2.1 Local Repositories & Origins

We usually have more than one repository. We work most closely with our local repository, which is tucked away in a directory somewhere near our working directory. But we can have other repositories as well. When working solo on a project, we will usually have a remote origin repository that we try to keep more or less in sync with our local repository.

Because the origin repository is on a remote server somewhere “in the cloud”, even if our local PC were to crash and completely trash its hard drive, our project would survive.

If you are working in a team with other programmers, you can have multiple origin repositories, each of which resides on a different person’s PC.
- In essence, everyone’s repository is an origin to everyone else.

More often, when working in a team, all programmers share a common origin repository on a remote server and each person keeps their own local repository synced up with that.
This is just less confusing overall.

To keep the local and origin repositories in sync, we have to push our changes from our local repository to the origin and fetch changes anyone else may have made from the origin to our local repository.

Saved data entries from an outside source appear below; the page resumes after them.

(* For every $n\ge 1$, $\chi_{lc}(K_n)=n$.
   Context: Graphs are finite, loopless, with symmetric edge sets; $K_c$ is the complete graph on $c$ vertices; write $v\sim w$ when $(v,w)$ is an edge. For graphs $G,H$, the locally commuting algebra $\mathcal A_{lc}(G,H)$ is the unital complex algebra generated by elements $e_{v,x}$ ($v\in V(G)$, $x\in V(H)$) subject to the relations: $\sum_{x\in V(H)}e_{v,x}=1$ for all $v$; $e_{v,x}^2=e_{v,x}$; $e_{v,x}e_{v,y}=0$ for $x\neq y$; $e_{v,x}e_{w,y}=0$ whenever $v\sim w$ and $x\not\sim y$ (in particular when $x=y$); and $e_{v,x}e_{w,y}=e_{w,y}e_{v,x}$ whenever $v\sim w$. (Equivalently it is the quotient of the group $*$-algebra of the free product of $|V(G)|$ cyclic groups of order $|V(H)|$ by the ideal generated by the products of spectral projections forbidden by the graph homomorphism game together with the commutators $[e_{v,x},e_{w,y}]$ for $v\sim w$.) Define $\chi_{lc}(G)=\min\{c:\mathcal A_{lc}(G,K_c)\neq 0\}$. *)

From HB Require Import structures.
From mathcomp Require Import all_boot all_algebra.
From mathcomp Require Import complex Rstruct.
Set Implicit Arguments. Unset Strict Implicit. Unset Printing Implicit Defensive.
Import GRing.Theory.
Local Open Scope ring_scope.

Definition Cplx : numClosedFieldType := complex Rdefinitions.R.

Definition is_graph (T : finType) (adj : rel T) : Prop :=
  irreflexive adj /\ symmetric adj.

Definition Kadj (c : nat) : rel 'I_c := fun i j => i != j.

Definition lc_relations (TG : finType) (adjG : rel TG)
    (TH : finType) (adjH : rel TH) (B : algType Cplx) (e : TG -> TH -> B) : Prop :=
  [/\ (forall v, \sum_(x : TH) e v x = 1),
      (forall v x, e v x * e v x = e v x),
      (forall v x y, x != y -> e v x * e v y = 0),
      (forall v w x y, adjG v w -> ~~ adjH x y -> e v x * e w y = 0)
    & (forall v w x y, adjG v w -> e v x * e w y = e w y * e v x)].

(* A_lc(G,H) <> 0.  A_lc(G,H) is the universal unital complex algebra generated
   by the e_{v,x} subject to the relations above; it is nonzero iff there is
   some unital associative complex algebra B with 1 <> 0 containing a family
   satisfying these relations (take B = A_lc(G,H) itself for one direction, and
   the universal morphism A_lc(G,H) -> B for the other). *)
Definition Alc_nonzero (TG : finType) (adjG : rel TG)
    (TH : finType) (adjH : rel TH) : Prop :=
  exists (B : algType Cplx) (e : TG -> TH -> B),
    (1 : B) != 0 /\ lc_relations adjG adjH e.

Definition chi_lc_eq (TG : finType) (adjG : rel TG) (c : nat) : Prop :=
  Alc_nonzero adjG (@Kadj c) /\
  (forall c', (c' < c)%N -> ~ Alc_nonzero adjG (@Kadj c')).

(** The identity map K_n -> K_n is a graph homomorphism, and every graph
    homomorphism G -> H yields a one-dimensional commutative representation of
    A_lc(G,H), so chi_lc(K_n) <= n.  Conversely, let vs be a clique of G and A
    a set of colours, and consider the product over v in vs of the partial
    sums s_v(A) = sum_{x in A} e_{v,x}.  Adjacent vertices commute and cannot
    share a colour, so multiplying the product over the remaining vertices by
    e_{v,x} does not change it when x is deleted from A; by induction the
    product vanishes as soon as #|A| < size vs.  Taking for A all c colours,
    every partial sum is 1, hence A_lc(G, K_c) = 0 whenever G has a clique of
    size larger than c. *)

From mathcomp Require Import all_boot all_algebra.
Set Implicit Arguments. Unset Strict Implicit. Unset Printing Implicit Defensive.
Import GRing.Theory.
Local Open Scope ring_scope.

Section GraphHomRepresentation.

Variables (TG TH : finType) (adjG : rel TG) (adjH : rel TH) (f : TG -> TH).
Hypothesis f_hom : {homo f : v w / adjG v w >-> adjH v w}.

Lemma graph_hom_lc_relations (B : comAlgType Cplx) :
  lc_relations adjG adjH (fun v x => (f v == x)%:R : B).
Proof.
split=> [v | v x | v x y neq_xy | v w x y adj_vw | v w x y _].
- rewrite (bigD1 (f v)) //= eqxx big1 ?addr0 // => y.
  by rewrite eq_sym => /negbTE ->.
- by rewrite -natrM mulnb andbb.
- by rewrite -natrM mulnb; case: eqP => // ->; rewrite (negbTE neq_xy).
- have := f_hom adj_vw; rewrite -natrM mulnb.
  by do 2![case: eqP => // ->] => ->.
- exact: mulrC.
Qed.

Lemma graph_hom_Alc_nonzero : Alc_nonzero adjG adjH.
Proof.
exists Cplx^o, (fun v x => (f v == x)%:R).
by split; [exact: oner_neq0 | exact: graph_hom_lc_relations].
Qed.

End GraphHomRepresentation.

Section CliqueColourProduct.

Variables (TG TH : finType) (adjG : rel TG) (R : pzRingType) (e : TG -> TH -> R).
Hypothesis e_adj_orth : forall v w x, adjG v w -> e v x * e w x = 0.
Hypothesis e_adj_comm : forall v w x y, adjG v w -> e v x * e w y = e w y * e v x.

Definition colour_prod (vs : seq TG) (A : {set TH}) : R :=
  \prod_(v <- vs) \sum_(x in A) e v x.

Lemma mul_sum_setD1 v w x (A : {set TH}) : adjG v w ->
  e v x * \sum_(y in A) e w y = (\sum_(y in A :\ x) e w y) * e v x.
Proof.
move=> adj_vw; rewrite mulr_sumr mulr_suml.
transitivity (\sum_(y in A :\ x) e v x * e w y).
  case: (boolP (x \in A)) => [Ax | nAx].
    rewrite (bigD1 x) //= e_adj_orth // add0r.
    by apply: eq_bigl => y; rewrite in_setD1 andbC.
  apply: eq_bigl => y; rewrite in_setD1.
  by case: eqP => // ->; rewrite (negbTE nAx).
by apply: eq_bigr => y _; apply: e_adj_comm.
Qed.

Lemma mul_colour_prod_setD1 v x vs A : all (adjG v) vs ->
  e v x * colour_prod vs A = e v x * colour_prod vs (A :\ x).
Proof.
elim: vs => [|w vs IHvs]; first by rewrite /colour_prod !big_nil.
rewrite /= => /andP[adj_vw adj_vvs]; rewrite /colour_prod !big_cons.
rewrite !mulrA !mul_sum_setD1 // setDDl setUid -!mulrA.
by rewrite -/(colour_prod vs A) -/(colour_prod vs _) IHvs.
Qed.

Lemma colour_prod_eq0 vs (A : {set TH}) :
  pairwise adjG vs -> (#|A| < size vs)%N -> colour_prod vs A = 0.
Proof.
elim: vs A => [|v vs IHvs] A //= /andP[adj_v clique].
move=> small_A; rewrite /colour_prod big_cons mulr_suml big1 // => x Ax.
rewrite -/(colour_prod vs A) mul_colour_prod_setD1 // IHvs ?mulr0 //.
by move: small_A; rewrite (cardsD1 x A) Ax.
Qed.

Lemma colour_prod_setT vs : (forall v, \sum_x e v x = 1) ->
  colour_prod vs [set: TH] = 1.
Proof.
move=> sum_e1; rewrite /colour_prod big1_seq // => v _.
by rewrite -(sum_e1 v); apply: eq_bigl => x; rewrite inE.
Qed.

End CliqueColourProduct.

Lemma Alc_nonzero_clique_size (TG : finType) (adjG : rel TG) c (vs : seq TG) :
  Alc_nonzero adjG (@Kadj c) -> pairwise adjG vs -> (size vs <= c)%N.
Proof.
move=> [B [e [nz1 [sum_e1 _ _ e_adj e_comm]]]] clique.
have e_orth v w x : adjG v w -> e v x * e w x = 0.
  by move=> adj_vw; apply: e_adj => //; rewrite /Kadj /= eqxx.
rewrite leqNgt; apply: contra nz1 => big_clique; apply/eqP.
rewrite -(colour_prod_setT vs sum_e1) (colour_prod_eq0 e_orth e_comm) //.
by rewrite cardsT card_ord.
Qed.

Theorem mainTheorem2 (n : nat) : (1 <= n)%N -> chi_lc_eq (@Kadj n) n.
Proof.
move=> _; split; first exact: (graph_hom_Alc_nonzero (f := id)).
have clique_In : pairwise (@Kadj n) (enum 'I_n) by rewrite -uniq_pairwise enum_uniq.
move=> c lt_cn /Alc_nonzero_clique_size/(_ clique_In).
by rewrite size_enum_ord leqNgt lt_cn.
Qed.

Fetching changes simply updates our local repository – we don’t see those changes in our working directory (where we actually are doing all of work) unless we check out those changes into our working directory.

Usually, though, when we fetch changes we want to see them right away. So git has a shortcut operation called pull that combines a fetch and a check out.

As a daily user of git, I almost always pull. In the last year, for example, I have done maybe one fetch instead of a pull.

2.2 The Stage

We don’t usually commit/checkout/fetch/push/pull individual files. Usually we send all of files that we have changed in our work session.

Occasionally, though, we might want to hold some of those files back.

For example, while trying to fix a bug, I might notice some misspelled words in the documentation. I fix those while I am working on the bug. But do I want to commit those together with my bug fix? What if my bug fix is wrong and someone decides to undo those changes? Do I want to lose the documentation fixes at the same time? It might make more sense to commit the unrelated changes in separate steps.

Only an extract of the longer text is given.